Answer
$\mathop \smallint \limits_0^1 \mathop \smallint \limits_0^1 \frac{y}{{1 + xy}}{\rm{d}}y{\rm{d}}x \simeq 0.386294$
Work Step by Step
We use Fubini's Theorem to change the order of integration and re-write the integral:
$I = \mathop \smallint \limits_{x = 0}^1 \mathop \smallint \limits_{y = 0}^1 \frac{y}{{1 + xy}}{\rm{d}}y{\rm{d}}x = \mathop \smallint \limits_{y = 0}^1 \left( {\mathop \smallint \limits_{x = 0}^1 \frac{y}{{1 + xy}}{\rm{d}}x} \right){\rm{d}}y$
We evaluate first the inner integral with respect to $x$.
$S\left( y \right) = \mathop \smallint \limits_{x = 0}^1 \frac{y}{{1 + xy}}{\rm{d}}x$
The antiderivative of $\frac{y}{{1 + xy}}$ with respect to $x$ is $\ln \left( {1 + xy} \right)$ because
$\frac{\partial }{{\partial x}}\left( {\ln \left( {1 + xy} \right)} \right) = \frac{y}{{1 + xy}}$
So,
$S\left( y \right) = \mathop \smallint \limits_{x = 0}^1 \frac{y}{{1 + xy}}{\rm{d}}x = \ln \left( {1 + xy} \right)|_{x = 0}^1$
$ = \ln \left( {1 + y} \right)$
Thus,
$I = \mathop \smallint \limits_{y = 0}^1 \left( {\mathop \smallint \limits_{x = 0}^1 \frac{y}{{1 + xy}}{\rm{d}}x} \right){\rm{d}}y$
$ = \mathop \smallint \limits_{y = 0}^1 \ln \left( {1 + y} \right){\rm{d}}y$
We need an antiderivative of $\ln \left( {1 + y} \right)$ as a function of $y$.
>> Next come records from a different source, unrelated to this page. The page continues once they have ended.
Definition jac11 k0 k1 km1 k2 eT (p : R * R) : R :=
  Derive (fun x => fs k0 k1 km1 k2 eT x (snd p)) (fst p).
Definition jac12 k0 k1 km1 k2 eT (p : R * R) : R :=
  Derive (fun y => fs k0 k1 km1 k2 eT (fst p) y) (snd p).
Definition jac21 k0 k1 km1 k2 eT (p : R * R) : R :=
  Derive (fun x => fc k0 k1 km1 k2 eT x (snd p)) (fst p).
Definition jac22 k0 k1 km1 k2 eT (p : R * R) : R :=
  Derive (fun y => fc k0 k1 km1 k2 eT (fst p) y) (snd p).

(* l1, l2 are the eigenvalues (with multiplicity) of the 2x2 matrix [[a,b],[c,d]]:
   its characteristic polynomial factors as (x-l1)(x-l2). *)
Definition eigenvalues2 (a b c d l1 l2 : R) : Prop :=
  forall x : R, (x - a) * (x - d) - b * c = (x - l1) * (x - l2).

Definition attracting_node k0 k1 km1 k2 eT (p : R * R) : Prop :=
  exists l1 l2, l1 < 0 /\ l2 < 0 /\
    eigenvalues2 (jac11 k0 k1 km1 k2 eT p) (jac12 k0 k1 km1 k2 eT p)
                 (jac21 k0 k1 km1 k2 eT p) (jac22 k0 k1 km1 k2 eT p) l1 l2.

Definition saddle_point k0 k1 km1 k2 eT (p : R * R) : Prop :=
  exists l1 l2, l1 < 0 /\ 0 < l2 /\
    eigenvalues2 (jac11 k0 k1 km1 k2 eT p) (jac12 k0 k1 km1 k2 eT p)
                 (jac21 k0 k1 km1 k2 eT p) (jac22 k0 k1 km1 k2 eT p) l1 l2.

Definition is_solution_on k0 k1 km1 k2 eT (s c : R -> R) (I : R -> Prop) : Prop :=
  forall t, I t ->
    is_derive s t (fs k0 k1 km1 k2 eT (s t) (c t)) /\
    is_derive c t (fc k0 k1 km1 k2 eT (s t) (c t)).

Definition positively_invariant k0 k1 km1 k2 eT (A : R * R -> Prop) : Prop :=
  forall (T : R) (s c : R -> R), 0 < T ->
    is_solution_on k0 k1 km1 k2 eT s c (fun t => 0 <= t < T) ->
    A (s 0, c 0) -> forall t, 0 <= t < T -> A (s t, c t).

Definition P0 (k0 k1 km1 k2 eT : R) : R * R :=
  ((km1 + k2) * k0 / (k1 * (k2 * eT - k0)), k0 / k2).

From Stdlib Require Import Reals List Lra Psatz Classical Arith.
From Coquelicot Require Import Coquelicot.
Open Scope R_scope.

(* Parts (a) and (b) are algebra: a stationary point has c = k0 / k2, which forces P0 unless one
   of the three degenerate cases occurs, where a whole curve of stationary points appears.  At P0
   the Jacobian has determinant k1 (k2 eT - k0) and, when this is positive, a nonnegative
   discriminant: a node or a saddle.

   (c) The field is cooperative on the boundary of the quadrant, so the squared negative parts
   of s and c obey a Gronwall inequality and stay zero; the same argument for eT - c gives the
   invariance of c <= eT, and above eT the complex decays at rate at least (km1 + k2) eT.  Since
   (s + c)' = k0 - k2 c <= k0, forward solutions stay in a box growing linearly in t; clipping the
   field outside that box makes it Lipschitz on every time strip, so Picard iteration converges
   on the whole line to a solution that never feels the clipping.

   (d) When k1 = 0, or km1 + k2 = 0 (then s + c is constant), c solves a scalar autonomous
   equation and a potential shows that a periodic c is constant.  Otherwise, an orbit meeting c = eT stays below it, its maximum
   forces eT = 0 and then c = 0; an orbit avoiding c = eT makes a Lyapunov function monotone,
   strictly unless c' = 0.  Once c is constant, s solves a scalar autonomous equation too. *)

Ltac continuity_R := repeat match goal with
  | |- continuous (fun _ => ?c) _ => apply continuous_const
  | |- continuous (fun t => t) _ => apply continuous_id
  | |- continuous (fun t => Rabs (@?f t)) _ => apply (continuous_Rabs_comp f)
  | |- continuous (fun t => @?f t + @?g t) _ => apply (continuous_plus (V := R_NormedModule) f g)
  | |- continuous (fun t => @?f t - @?g t) _ => apply (continuous_minus (V := R_NormedModule) f g)
  | |- continuous (fun t => - @?f t) _ => apply (continuous_opp (V := R_NormedModule) f)
  | |- continuous (fun t => @?f t * @?g t) _ => apply (continuous_mult (K := R_AbsRing) f g)
  | |- continuous (fun t => @?f t / @?g t) _ =>
      apply (continuous_mult (K := R_AbsRing) f (fun t => / g t))
  | |- continuous _ _ => assumption
  end.
(* Let $(V_0,V_1,V_2,V_3,w)$ be a geometric quintuple. Then for $w$ in a nonempty Zariski open subset $\mathcal{U}'$ (of the space of such tensors, up to the scaling action of $\mathbb{G}_m^4$), the linear map $\langle-,w\rangle\colon V_2^\vee\otimes V_3^\vee\to V_0\otimes V_1$ (contraction with $w$ in the last two factors) is an isomorphism, and hence $$\square_w=(V_0\otimes V_1,\,V_0,\,V_1,\,V_2^\vee,\,V_3^\vee,\,\mathrm{id},\,\phi_w),\qquad \phi_w=\langle-,w\rangle^{-1},$$ is a geometric square.
   Context: $k$ is algebraically closed of characteristic $0$. A quintuple $(V_0,V_1,V_2,V_3,W)$, with $V_i$ $2$-dimensional vector spaces and $0\neq W=kw\subset V_0\otimes V_1\otimes V_2\otimes V_3$, is geometric if for all $j\in\{0,1,2,3\}$ and all nonzero $\phi_j\in V_j^\vee$, $\phi_{j+1}\in V_{j+1}^\vee$ (indices mod 4), the contraction $\langle\phi_j\otimes\phi_{j+1},w\rangle$ is nonzero; the quintuple is identified with $w$. A geometric square is a septuple $(V,U_0^0,U_1^0,U_0^1,U_1^1,\phi_0,\phi_1)$ with $V$ a $4$-dimensional vector space, $U_i^j$ $2$-dimensional vector spaces and $\phi_i\colon V\to U_0^i\otimes U_1^i$ isomorphisms. *)

From HB Require Import structures.
From mathcomp Require Import all_boot all_algebra.
From mathcomp Require Import mpoly.
Set Implicit Arguments. Unset Strict Implicit. Unset Printing Implicit Defensive.
Import GRing.Theory.
Local Open Scope ring_scope.

(* Coordinates: each V_i is identified with K^2 (basis e_0, e_1), so a tensor
   w in V_0 (x) V_1 (x) V_2 (x) V_3 is given by its 16 coordinates
   w a b c d (a index of V_0, ..., d index of V_3).  A linear form on V_i is a
   row vector phi : 'rV_2, acting by phi(e_a) = phi 0 a. *)
Definition tensor4 (K : Type) := 'I_2 -> 'I_2 -> 'I_2 -> 'I_2 -> K.

(* Geometric quintuple: for each j (mod 4) and nonzero phi_j in V_j^v,
   phi_{j+1} in V_{j+1}^v, the contraction <phi_j (x) phi_{j+1}, w>, an element
   of V_{j+2} (x) V_{j+3}, is nonzero (i.e. has a nonzero coordinate). *)
Definition geometric (K : fieldType) (w : tensor4 K) : Prop :=
  forall phi psi : 'rV[K]_2, phi != 0 -> psi != 0 ->
  [/\ exists c d, \sum_a \sum_b phi 0 a * psi 0 b * w a b c d != 0,
      exists a d, \sum_b \sum_c phi 0 b * psi 0 c * w a b c d != 0,
      exists a b, \sum_c \sum_d phi 0 c * psi 0 d * w a b c d != 0 &
      exists b c, \sum_d \sum_a phi 0 d * psi 0 a * w a b c d != 0].

(* Index of the pair (x,y) in 'I_2 * 'I_2, identifying a tensor product of two
   2-dimensional spaces with K^4 (basis e_x (x) e_y at position 2x+y). *)
Definition pidx (x y : 'I_2) : 'I_4 := inord (2 * x + y).
Definition pfst (i : 'I_4) : 'I_2 := inord (i %/ 2).
Definition psnd (i : 'I_4) : 'I_2 := inord (i %% 2).

(* The linear map <-, w> : V_2^v (x) V_3^v -> V_0 (x) V_1, acting on row
   vectors (coordinates in the bases e_c^v (x) e_d^v and e_a (x) e_b):
   (e_c^v (x) e_d^v) |-> sum_{a,b} w a b c d e_a (x) e_b. *)
Definition contr_mx (K : fieldType) (w : tensor4 K) : 'M[K]_4 :=
  \matrix_(i < 4, j < 4) w (pfst j) (psnd j) (pfst i) (psnd i).

(* A geometric square (V, U_0^0, U_1^0, U_0^1, U_1^1, phi_0, phi_1) with all
   spaces given in coordinates (V = K^4, U_i^j = K^2, U_0^i (x) U_1^i = K^4):
   phi_0 and phi_1 are isomorphisms V -> U_0^i (x) U_1^i. *)
Definition geometric_square (K : fieldType) (phi0 phi1 : 'M[K]_4) : Prop :=
  phi0 \in unitmx /\ phi1 \in unitmx.

Definition tcoord (K : Type) (w : tensor4 K) : 'I_16 -> K :=
  fun i => w (inord (i %/ 8 %% 2)) (inord (i %/ 4 %% 2))
             (inord (i %/ 2 %% 2)) (inord (i %% 2)).

Definition zariski_open (K : fieldType) (n : nat) (U : ('I_n -> K) -> Prop) :=
  exists S : seq {mpoly K[n]},
    forall x, U x <-> exists2 p, p \in S & p.@[x] != 0.

From mathcomp Require Import all_boot all_algebra.
From mathcomp Require Import mpoly.
From mathcomp Require Import zify ring.
Set Implicit Arguments. Unset Strict Implicit. Unset Printing Implicit Defensive.
Import GRing.Theory.
Local Open Scope ring_scope.

(* The contraction matrix <-, w> depends polynomially on w, so its determinant
   is a polynomial in the 16 coordinates of w and U' is its nonvanishing locus.
   U' meets the geometric tensors: the identity tensor w0 = sum e_a (x) e_b
   (x) e_a (x) e_b has contraction matrix 1, and contracting w0 with phi and
   psi on two adjacent factors gives the outer product of phi and psi, which is
   nonzero when phi and psi are. *)

Lemma zariski_open_nonvanishing (K : fieldType) (n : nat) (p : {mpoly K[n]}) :
  zariski_open (fun x => p.@[x] != 0).
Proof.
exists [:: p] => x; split=> [p_x | [q]]; first by exists p; rewrite ?mem_seq1.
by rewrite mem_seq1 => /eqP ->.
Qed.

Lemma sum_mul_delta (T : finType) (R : pzSemiRingType) (f : T -> R) (x : T) :
  \sum_a f a * (a == x)%:R = f x.
Proof.
rewrite (bigD1 x) //= eqxx mulr1 big1 ?addr0 // => a /negbTE->.
by rewrite mulr0.
Qed.

Lemma rowv_neq0 (K : fieldType) (n : nat) (phi : 'rV[K]_n) :
  phi != 0 -> exists c, phi 0 c != 0.
Proof.
move=> phi_neq0; apply/existsP; apply: contraR phi_neq0 => /existsPn phi0.
by apply/eqP/rowP => j; rewrite mxE; apply/eqP/negPn/phi0.
Qed.

Lemma pfst_psnd_inj (i j : 'I_4) : pfst i = pfst j -> psnd i = psnd j -> i = j.
Proof.
have := ltn_ord i; have := ltn_ord j => j_lt4 i_lt4.
move=> /(congr1 val) + /(congr1 val); rewrite /= !inordK; try lia.
move=> eq_fst eq_snd; apply: val_inj => /=.
by rewrite (divn_eq i 2) (divn_eq j 2) eq_fst eq_snd.
Qed.

Section IdentityTensor.
Variable K : fieldType.

Definition id_tensor : tensor4 K := fun a b c d => (a == c)%:R * (b == d)%:R.

Lemma sum2_mul_delta (g : 'I_2 -> 'I_2 -> K) (x y : 'I_2) :
  \sum_a \sum_b g a b * ((a == x)%:R * (b == y)%:R) = g x y.
Proof.
rewrite -(sum_mul_delta (fun a => g a y) x); apply: eq_bigr => a _.
rewrite -(sum_mul_delta (g a) y) big_distrl; apply: eq_bigr => b _ /=; ring.
Qed.

Lemma geometric_id_tensor : geometric id_tensor.
Proof.
move=> phi psi /rowv_neq0 [x phi_x] /rowv_neq0 [y psi_y].
have outer_neq0 (t : 'I_2 -> 'I_2 -> K) u v :
    phi 0 u * psi 0 v != 0 ->
    (forall a b, t a b = (a == u)%:R * (b == v)%:R) ->
    \sum_a \sum_b phi 0 a * psi 0 b * t a b != 0.
  move=> uv_neq0 tE.
  under eq_bigr => a _ do under eq_bigr => b _ do rewrite tE.
  by rewrite sum2_mul_delta.
have xy_neq0 : phi 0 x * psi 0 y != 0 by rewrite mulf_neq0.
split.
- by exists x, y; apply: outer_neq0 xy_neq0 _.
- exists y, x; apply: outer_neq0 xy_neq0 _ => b c.
  by rewrite /id_tensor mulrC (eq_sym y).
- exists x, y; apply: outer_neq0 xy_neq0 _ => c d.
  by rewrite /id_tensor (eq_sym x) (eq_sym y).
- exists x, y; apply: outer_neq0 xy_neq0 _ => d a.
  by rewrite /id_tensor mulrC (eq_sym x).
Qed.

Lemma contr_mx_id_tensor : contr_mx id_tensor = 1%:M.
Proof.
apply/matrixP => i j; rewrite !mxE /id_tensor -natrM mulnb (eq_sym i).
congr _%:R; congr nat_of_bool; apply/andP/eqP => [[/eqP + /eqP]|->//].
exact: pfst_psnd_inj.
Qed.

End IdentityTensor.

Section ContractionDeterminant.
Variable K : fieldType.

(* Entry (i, j) of contr_mx w is coordinate 4 j + i of tcoord w. *)
Definition contr_coord (i j : 'I_4) : 'I_16 := inord (4 * j + i).

Definition contr_det : {mpoly K[16]} :=
  \det (\matrix_(i, j) 'X_(contr_coord i j)).

Lemma meval_contr_det (w : tensor4 K) :
  contr_det.@[tcoord w] = \det (contr_mx w).
Proof.
rewrite /contr_det -det_map_mx; congr (\det _); apply/matrixP => i j.
rewrite [LHS]mxE /= !mxE mevalXU /tcoord /contr_coord /pfst /psnd.
have := ltn_ord i; have := ltn_ord j => j_lt4 i_lt4.
rewrite inordK; last by lia.
by congr w; apply: val_inj; rewrite /= !inordK //; lia.
Qed.

End ContractionDeterminant.

Theorem proposition3p13 (K : closedFieldType) (hK : [pchar K] =i pred0) :
  exists U : ('I_16 -> K) -> Prop,
    zariski_open U /\
    (exists w : tensor4 K, geometric w /\ U (tcoord w)) /\
    (forall w : tensor4 K, geometric w -> U (tcoord w) ->
       contr_mx w \in unitmx /\
       geometric_square 1%:M (invmx (contr_mx w))).
Proof.
exists (fun x => (@contr_det K).@[x] != 0); split.
  exact: zariski_open_nonvanishing.
split.
  exists (@id_tensor K); split; first exact: geometric_id_tensor.
  by rewrite meval_contr_det contr_mx_id_tensor det1 oner_neq0.
move=> w _; rewrite meval_contr_det -unitfE -unitmxE => w_unit.
by split=> //; split; rewrite ?unitmx1 ?unitmx_inv.
Qed.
We can use $y\ln \left( {1 + y} \right) + \ln \left( {1 + y} \right) - y$ because
$\frac{d}{{dy}}\left( {y\ln \left( {1 + y} \right) + \ln \left( {1 + y} \right) - y} \right) = \ln \left( {1 + y} \right) + \frac{y}{{1 + y}} + \frac{1}{{1 + y}} - 1$
$ = \ln \left( {1 + y} \right) + \frac{{y + 1}}{{1 + y}} - 1$
$ = \ln \left( {1 + y} \right)$
So,
$I = \left( {y\ln \left( {1 + y} \right) + \ln \left( {1 + y} \right) - y} \right)|_0^1$
$ = \ln 2 + \ln 2 - 1$
$ = 2\ln 2 - 1$
Therefore, $\mathop \smallint \limits_0^1 \mathop \smallint \limits_0^1 \frac{y}{{1 + xy}}{\rm{d}}y{\rm{d}}x = 2\ln 2 - 1 \simeq 0.386294$.